> **What you should do**: Which lines run from the one containing "Theorem mainTheorem5 (M" to the end of the entries? Quote them exactly, and nothing else.

(Dataset excerpts)
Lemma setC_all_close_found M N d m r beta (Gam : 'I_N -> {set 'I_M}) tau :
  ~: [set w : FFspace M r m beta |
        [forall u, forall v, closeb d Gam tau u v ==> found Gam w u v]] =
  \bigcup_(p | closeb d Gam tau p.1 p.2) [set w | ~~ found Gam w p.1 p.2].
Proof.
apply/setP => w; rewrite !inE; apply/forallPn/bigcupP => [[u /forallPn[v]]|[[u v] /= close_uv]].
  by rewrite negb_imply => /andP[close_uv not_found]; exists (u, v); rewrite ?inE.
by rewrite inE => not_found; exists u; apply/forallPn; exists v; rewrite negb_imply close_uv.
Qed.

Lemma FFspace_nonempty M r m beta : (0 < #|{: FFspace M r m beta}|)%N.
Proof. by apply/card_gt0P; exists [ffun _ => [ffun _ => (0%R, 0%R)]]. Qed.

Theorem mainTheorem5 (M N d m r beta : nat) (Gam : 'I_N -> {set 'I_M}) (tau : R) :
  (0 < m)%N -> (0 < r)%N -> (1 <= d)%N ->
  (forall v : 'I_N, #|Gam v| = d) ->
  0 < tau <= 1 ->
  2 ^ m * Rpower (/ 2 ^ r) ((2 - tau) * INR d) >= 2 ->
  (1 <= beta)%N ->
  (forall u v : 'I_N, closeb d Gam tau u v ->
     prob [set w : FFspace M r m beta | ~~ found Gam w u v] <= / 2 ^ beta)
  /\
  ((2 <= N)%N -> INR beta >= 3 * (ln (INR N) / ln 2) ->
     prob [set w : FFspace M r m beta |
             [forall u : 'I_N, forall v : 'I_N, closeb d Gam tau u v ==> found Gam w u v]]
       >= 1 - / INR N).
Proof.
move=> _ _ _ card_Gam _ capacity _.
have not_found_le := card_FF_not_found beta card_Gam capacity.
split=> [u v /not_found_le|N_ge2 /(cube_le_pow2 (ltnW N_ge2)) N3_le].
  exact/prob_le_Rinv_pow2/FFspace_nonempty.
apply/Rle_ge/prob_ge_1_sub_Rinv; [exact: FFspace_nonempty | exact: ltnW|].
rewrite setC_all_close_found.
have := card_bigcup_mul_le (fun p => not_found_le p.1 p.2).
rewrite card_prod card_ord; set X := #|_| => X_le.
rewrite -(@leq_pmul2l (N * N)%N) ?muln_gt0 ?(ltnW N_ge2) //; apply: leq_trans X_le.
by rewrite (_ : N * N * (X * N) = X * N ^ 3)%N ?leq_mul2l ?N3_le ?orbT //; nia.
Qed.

> **Answer space**:
Theorem mainTheorem5 (M N d m r beta : nat) (Gam : 'I_N -> {set 'I_M}) (tau : R) :
  (0 < m)%N -> (0 < r)%N -> (1 <= d)%N ->
  (forall v : 'I_N, #|Gam v| = d) ->
  0 < tau <= 1 ->
  2 ^ m * Rpower (/ 2 ^ r) ((2 - tau) * INR d) >= 2 ->
  (1 <= beta)%N ->
  (forall u v : 'I_N, closeb d Gam tau u v ->
     prob [set w : FFspace M r m beta | ~~ found Gam w u v] <= / 2 ^ beta)
  /\
  ((2 <= N)%N -> INR beta >= 3 * (ln (INR N) / ln 2) ->
     prob [set w : FFspace M r m beta |
             [forall u : 'I_N, forall v : 'I_N, closeb d Gam tau u v ==> found Gam w u v]]
       >= 1 - / INR N).
Proof.
move=> _ _ _ card_Gam _ capacity _.
have not_found_le := card_FF_not_found beta card_Gam capacity.
split=> [u v /not_found_le|N_ge2 /(cube_le_pow2 (ltnW N_ge2)) N3_le].
  exact/prob_le_Rinv_pow2/FFspace_nonempty.
apply/Rle_ge/prob_ge_1_sub_Rinv; [exact: FFspace_nonempty | exact: ltnW|].
rewrite setC_all_close_found.
have := card_bigcup_mul_le (fun p => not_found_le p.1 p.2).
rewrite card_prod card_ord; set X := #|_| => X_le.
rewrite -(@leq_pmul2l (N * N)%N) ?muln_gt0 ?(ltnW N_ge2) //; apply: leq_trans X_le.
by rewrite (_ : N * N * (X * N) = X * N ^ 3)%N ?leq_mul2l ?N3_le ?orbT //; nia.
Qed.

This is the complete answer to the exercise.